/demand-forecasting

Forecasting in R using Prophet. Perform fine-grained forecasting in an efficient manner, leveraging the distributed computational power of the Databricks Platform.

Primary LanguageRGNU General Public License v3.0GPL-3.0

Demand Forecasting

Playground of forecasting in R using Prophet.

Perform fine-grained forecasting in an efficient manner, leveraging the distributed computational power of the Databricks Platform.

Prophet is a forecasting tool that uses an additive model where non-linear trends are fit with yearly, weekly, and daily seasonality, plus holiday effects. It works best with time series that have strong seasonal effects and several seasons of historical data. The library is especially suited for business forecasts like forecasting website traffic, sales, and inventory.

The original paper from the FB team is in the Forecasting_at_Scale.pdf file.

Dataset

For the tests the Store Item Demand Forecasting from Kaggle is used. The data are in the dataset directory.

Keggle Dataset: https://www.kaggle.com/datasets/aswinkum/demand-forecasting-kernels-only

The dataset contains 5-years of store-item unit sales data for 50 items across 10 different stores (913,000 observations).

Forecasting in R-Studio

The source file in R for the forecasting is in Forecasting.R.

Read the comments for step-by-step execution of the forecast and plotting.

Forecasting in DataBricks

The DataBricks notebook for forecasting at scale is in the file OE_Demand_Forecasting.dbc.

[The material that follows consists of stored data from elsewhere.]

(* Consider any instance $\mathcal{I}$ of the online volunteer notification problem whose inter-activity time distribution has minimum discrete hazard rate $q$. Then the scaled-down notification (SDN) policy is $\frac{1}{2-q}\left(1-\frac{1}{e}\right)$-competitive, i.e., $\mathbf{POL}_{\mathcal{I}}\ge\frac{1}{2-q}\left(1-\frac1e\right)\mathbf{LP}_{\mathcal{I}}$ for every such instance, where $\mathbf{POL}_{\mathcal{I}}$ is the SDN policy's expected number of completed tasks.
   Context: Online volunteer notification problem. An instance $\mathcal{I}$ consists of volunteers $[V]$, task types $[S]$, horizon $T$, arrival probabilities $\lambda_{s,t}\ge0$ with $\sum_{s=1}^S\lambda_{s,t}\le1$, match probabilities $p_{v,s}\in[0,1]$, and a probability mass function $g$ on the positive integers with CDF $G(\tau)=\sum_{i\le\tau}g(i)$, $G(0)=0$. In each period $t$ at most one task arrives, of type $s$ with probability $\lambda_{s,t}$, independently across periods. All volunteers start active. Upon an arrival the platform immediately and irrevocably notifies a subset of volunteers; each notified active volunteer $v$ responds positively independently with probability $p_{v,s}$, and the task is completed iff at least one does. A volunteer who is active and notified at time $t$ becomes inactive (regardless of response) and becomes active again at time $t+Z$, $Z\sim g$ independent; inactive volunteers ignore notifications and are unaffected by them. The platform knows $\lambda,p,g$ but not states. MDHR: $q=\min_{\tau\in\mathbb{N}}\frac{g(\tau)}{1-G(\tau-1)}$ (with $\frac00:=1$). $\mathcal{P}$: set of $\mathbf{x}\in\mathbb{R}^{V\times S\times T}$ with $0\le x_{v,s,t}\le1$ and $\sum_{\tau=1}^t\sum_{s}\lambda_{s,\tau}x_{v,s,\tau}(1-G(t-\tau))\le1$ for all $v,t$. $\mathbf{LP}_{\mathcal{I}}=\max_{\mathbf{x}\in\mathcal{P}}\sum_{t,s}\lambda_{s,t}\min\{\sum_v x_{v,s,t}p_{v,s},1\}$. A policy is $c$-competitive if $\mathbf{POL}_{\mathcal{I}}\ge c\,\mathbf{LP}_{\mathcal{I}}$ for all instances. Ex ante solution: $f(\mathbf{x})=\sum_{t,s}\lambda_{s,t}\big(1-\prod_{v}(1-x_{v,s,t}p_{v,s})\big)$; $\mathbf{x}^*_{LP}$ an optimal solution of $\mathbf{LP}_{\mathcal{I}}$; $\mathbf{x}^*_{AA}$ the output of: $\mathbf{x}^0=\mathbf{0}$, for $i=1..m$ (some $m\in\mathbb{N}$) $\mathbf{y}^i\in\arg\max_{\mathbf{x}\in\mathcal{P}}\langle\mathbf{x},\nabla f(\mathbf{x}^{i-1})\rangle$, $\mathbf{x}^i=\mathbf{x}^{i-1}+\mathbf{y}^i/m$, output $\mathbf{x}^m$; $\mathbf{x}^*_{SQ}$ built for $v=1,\dots,V$ in order, $(x^{SQ}_{v,s,t})_{s,t}$ optimal for $\max\sum_{t,s}\lambda_{s,t}\prod_{u<v}(1-p_{u,s}x^{SQ}_{u,s,t})p_{v,s}x_{v,s,t}$ s.t. $0\le x_{v,s,t}\le1$, $\sum_{\tau\le t}\sum_s\lambda_{s,\tau}x_{v,s,\tau}(1-G(t-\tau))\le1$ for all $t$; $\mathbf{x}^*\in\arg\max_{\mathbf{x}\in\{\mathbf{x}^*_{LP},\mathbf{x}^*_{AA},\mathbf{x}^*_{SQ}\}}f(\mathbf{x})$. SDN policy: set $\beta_{v,1}=1$ and $\beta_{v,t}=1-\sum_{t'=1}^{t-1}\sum_{s=1}^S\lambda_{s,t'}\frac{x^*_{v,s,t'}}{2-q}(1-G(t-t'))$ for $t\ge2$; when a task of type $s$ arrives at time $t$, notify each volunteer $v$ independently with probability $\frac{x^*_{v,s,t}}{(2-q)\beta_{v,t}}$. *)

From HB Require Import structures.
From mathcomp Require Import all_boot all_order all_algebra.
From mathcomp Require Import all_classical all_reals all_analysis.
Set Implicit Arguments. Unset Strict Implicit. Unset Printing Implicit Defensive.
Import Order.TTheory GRing.Theory Num.Theory.
Local Open Scope ring_scope.
Local Open Scope classical_set_scope.

Section VNP.
Variables (R : realType) (V S T : nat).
(* arrival probabilities lam s t, match probabilities p v s, pmf g on positive
   integers (g 0 is never used). Times are naturals 1..T. *)
Variables (lam : 'I_S -> nat -> R) (p : 'I_V -> 'I_S -> R) (g : nat -> R).

(* vectors x_{v,s,t}; only entries with 1 <= t <= T are meaningful *)
Definition vec := 'I_V -> 'I_S -> nat -> R.

Definition Gcdf (tau : nat) : R := \sum_(1 <= i < tau.+1) g i.

(* discrete hazard rate g(tau)/(1-G(tau-1)) with 0/0 := 1 *)
Definition hazard (tau : nat) : R :=
  if 1 - Gcdf tau.-1 == 0 then 1 else g tau / (1 - Gcdf tau.-1).

Definition mdhr : R := inf [set hazard tau | tau in [set tau : nat | (0 < tau)%N]].

Definition feas1 (z : 'I_S -> nat -> R) : Prop :=
  (forall s t, (1 <= t <= T)%N -> 0 <= z s t <= 1) /\
  (forall t, (1 <= t <= T)%N ->
     \sum_(1 <= tau < t.+1) \sum_(s < S) lam s tau * z s tau * (1 - Gcdf (t - tau)) <= 1).

Definition inP (x : vec) : Prop := forall v, feas1 (x v).

Definition lpobj (x : vec) : R :=
  \sum_(1 <= t < T.+1) \sum_(s < S) lam s t * Num.min (\sum_(v < V) x v s t * p v s) 1.

Definition LPval : R := sup [set lpobj x | x in [set x | inP x]].

Definition lp_optimal (x : vec) : Prop :=
  inP x /\ forall z, inP z -> lpobj z <= lpobj x.

Definition fobj (x : vec) : R :=
  \sum_(1 <= t < T.+1) \sum_(s < S) lam s t * (1 - \prod_(v < V) (1 - x v s t * p v s)).

(* gradient of f (partial derivative w.r.t. x_{v,s,t}) *)
Definition gradf (x : vec) : vec :=
  fun v s t => lam s t * p v s * \prod_(u < V | u != v) (1 - x u s t * p u s).

Definition inner (x y : vec) : R :=
  \sum_(v < V) \sum_(s < S) \sum_(1 <= t < T.+1) x v s t * y v s t.

(* iterates x^i of the continuous-greedy procedure, given directions y^i *)
Fixpoint aa_seq (m : nat) (y : nat -> vec) (i : nat) : vec :=
  match i with
  | 0 => fun _ _ _ => 0
  | i'.+1 => fun v s t => aa_seq m y i' v s t + y i'.+1 v s t / m%:R
  end.

Definition aa_valid (m : nat) (y : nat -> vec) : Prop :=
  forall i, (1 <= i <= m)%N ->
    inP (y i) /\
    forall z, inP z -> inner z (gradf (aa_seq m y i.-1)) <= inner (y i) (gradf (aa_seq m y i.-1)).

Definition aa_output (m : nat) (y : nat -> vec) : vec := aa_seq m y m.

Definition sq_obj (xSQ : vec) (v : 'I_V) (z : 'I_S -> nat -> R) : R :=
  \sum_(1 <= t < T.+1) \sum_(s < S)
     lam s t * (\prod_(u < V | (u < v)%N) (1 - p u s * xSQ u s t)) * p v s * z s t.

Definition sq_valid (xSQ : vec) : Prop :=
  forall v, feas1 (xSQ v) /\ forall z, feas1 z -> sq_obj xSQ v z <= sq_obj xSQ v (xSQ v).

Definition beta (q : R) (x : vec) (v : 'I_V) (t : nat) : R :=
  1 - \sum_(1 <= t' < t) \sum_(s < S) lam s t' * (x v s t' / (2 - q)) * (1 - Gcdf (t - t')).

Definition sdn_prob (q : R) (x : vec) : vec :=
  fun v s t => x v s t / ((2 - q) * beta q x v t).
Lemma S_plus_pointwise_limit K n1 d pw pu rw ru (Y : nat -> Pt) y :
  1 < pw -> 1 < pu -> 0 < rw -> 0 < ru ->
  (forall n, S_plus K n1 d pw pu rw ru (Y n)) -> supp K n1 d y ->
  (forall c, inR K n1 d c = true -> Un_cv (fun n => Y n c) (y c)) ->
  S_plus K n1 d pw pu rw ru y.
Proof.
intros Hpw Hpu Hrw Hru SY Sy Hl.
apply S_plus_of_blk_norms; auto.
- intros c Hc. apply (Un_cv_nonneg (fun n => Y n c)); auto. intros n. apply (SY n); auto.
- intros b Hb. set (p := blk_exp K pw pu b).
  assert (Hp : 1 < p) by (apply blk_exp_gt1; auto).
  apply lpnorm_eq; [auto|apply blk_radius_pos; auto|].
  apply (UL_sequence (fun n => psum p (Y n) (blk_coords K n1 d b))).
  + unfold psum. apply (Un_cv_lsum _ (fun n c => powp (Rabs (Y n c)) p)).
    intros c Hc. apply In_blk_coords in Hc as [Hc _]; auto.
    apply (continuity_seq (fun y => powp (Rabs y) p)); [apply continuity_pt_powp_abs; lra|]. auto.
  + intros eps Heps. exists 0%nat. intros n _. unfold Rdist.
    pose proof (S_plus_blk_psum K n1 d pw pu rw ru (Y n) b Hpw Hpu Hrw Hru (SY n) Hb) as E.
    fold p in E. rewrite E, Rminus_diag, Rabs_R0. auto.
Qed.

Lemma S_plus_seq_compact K n1 d pw pu rw ru Phi :
  1 < pw -> 1 < pu -> 0 < rw -> 0 < ru -> Phi_C1 K n1 d Phi ->
  forall Y : nat -> Pt, (forall n, S_plus K n1 d pw pu rw ru (Y n)) ->
  exists phi y, strict_incr phi /\ S_plus K n1 d pw pu rw ru y /\ Un_cv (fun n => Phi (Y (phi n))) (Phi y).
Proof.
intros Hpw Hpu Hrw Hru HC1 Y SY.
destruct (bounded_cv_subseq_list Y (Rmax rw ru) (coords K n1 d)) as [phi [l [Hphi Hl]]].
{ intros n c Hc. apply In_coords in Hc. apply (S_plus_entry_bounds K n1 d pw pu rw ru); auto. }
set (y := fun c => if inR K n1 d c then l c else 0).
assert (Sy : supp K n1 d y) by (intros c Hc; unfold y; rewrite Hc; auto).
assert (Hl' : forall c, inR K n1 d c = true -> Un_cv (fun n => Y (phi n) c) (y c)).
{ intros c Hc. unfold y. rewrite Hc. apply Hl, In_coords; auto. }
exists phi, y. split; [auto|split].
- apply (S_plus_pointwise_limit K n1 d pw pu rw ru (fun n => Y (phi n))); auto.
- apply (Phi_seq_continuous K n1 d Phi (fun n => Y (phi n))); auto. intros n. apply SY.
Qed.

500 forecasts are generated in the notebook.

read the training file into a Spark DataFrame

Upload the ./dataset/train.csv file to the catalog as a new table using the Data Ingestion of the DataBricks main interface.

Change the notebook code below accordingly:

train_data = spark_read_csv(sc, name = "train_data",  path = "/Volumes/industry_solutions/esg_scoring/data/train.csv")

AutoML auto-generated notebook

The auto-generated DataBricks notebook with the best AutoML model is in the file AutoML-24-04-30-16_08-Prophet.dbc

With this file is possible to re-run the experiment on forecasting 500 time series and see the results.